Вряд ли существуют более непримиримые силы, чем революционная стихия и консервативная реакция. Но для России характерно их парадоксальное взаимопроникновение. Консерватизм и большевизм преломляют в себе, хотя и с разных сторон, именно те особенности политической культуры и политического сознания, которые вели к наиболее разрушительным формам революции, сметавшей на своем пути любые попытки постреволюционной стабилизации.
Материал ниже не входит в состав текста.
Lemma ideal_karp_miller_terminates : km_terminates le trans I0.
Proof.
have [D D_bnd] := expanded_branch_depth.
apply: (@Acc_bounded_measure _ _ (fun t => exists h, km_inv h t) (marked_count D) (node_count D)).
- move=> t t' [h t_inv] step.
  have [c [h' [t'_inv mono mc nmc [l tc]]]] := km_step_inv t_inv step.
  split; first by exists h'.
  exact: marked_count_lt mono mc nmc (km_inv_present_depth D_bnd t_inv tc).
- exact: marked_count_le.
- by exists (fun=> (I0, 0)); apply: km_inv_init.
Qed.

End KarpMiller.
End Completion.

Theorem theorem8 (Sigma : finType) (X : Type) (le : X -> X -> Prop)
  (trans : Sigma -> X -> X -> Prop) (I0 : set X) :
  very_WSTS le trans -> is_ideal le I0 -> km_terminates le trans I0.
Proof.
case=> [[[le_qo _] _] _ [det [c_wqo _]] ssm levels] I0_ideal.
exact: (ideal_karp_miller_terminates le_qo det ssm I0_ideal c_wqo levels).
Qed.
А после победы большевиков их политика относительно легко сочетала революционную неоманию с реализацией консервативной программы: от возвращения Москве статуса столицы до многообразных символических форм идеократии, противостояния Западу, апелляции к народности, реставрации элементов общинного коллективизма и установления контроля над низовой общественной жизнью.
От народного самодержавия к народному бунту
Оформление традиционалистских тенденций в консервативную идеологию и трансформация марксистского учения в ленинскую теорию революции были ответом на одни и те же вызовы, с которыми Россия сталкивалась на протяжении XIX и в начале XX веков. Проникновение революционных идей и активное их усвоение разными течениями интеллектуальной мысли порождали весьма специфические идейные построения. С одной стороны, ответом на европейские потрясения стала концепция самобытности России. Востребованная до сих пор идея «особого пути» внедрялась не только в целях преодоления дискурса «отсталости» в описании российских особенностей, но прежде всего для обоснования возможности избежать революционных событий, аналогичных европейским. Гарантией от революции должно было стать единение православия, самодержавия и народности. К знаменитой триаде графа Сергея Уварова восходит характерное для русского консерватизма противопоставление религиозно понятой свободы идеалу правового государства, веры в высшую справедливость самодержца — идеалу социального государства, а абстрактно понятой народности — идеалу гражданской нации. С другой стороны, идея социалистической революции у Александра Герцена, Виссариона Белинского, Михаила Бакунина и революционно настроенных народников мыслилась, хотя и по-разному, но в основном как социальный переворот, освобождающий народную жизнь, из которой могут вырасти стремления к нелиберально понимаемым идеалам свободы, равенства и общинности. Самые радикальные представители революционного движения также рассчитывали на народную самобытность, которая позволит России избежать буржуазного развития, способного отодвинуть социалистическую революцию в неопределенное будущее. Революционный террор, появившийся в России за несколько десятилетий до 1917 года, в некотором смысле был связан с характерным историческим нетерпением: необходимо было успеть спровоцировать революцию до того, как буржуазные отношения, промышленное развитие и либеральная демократия уничтожат глубинные предпосылки народного социализма.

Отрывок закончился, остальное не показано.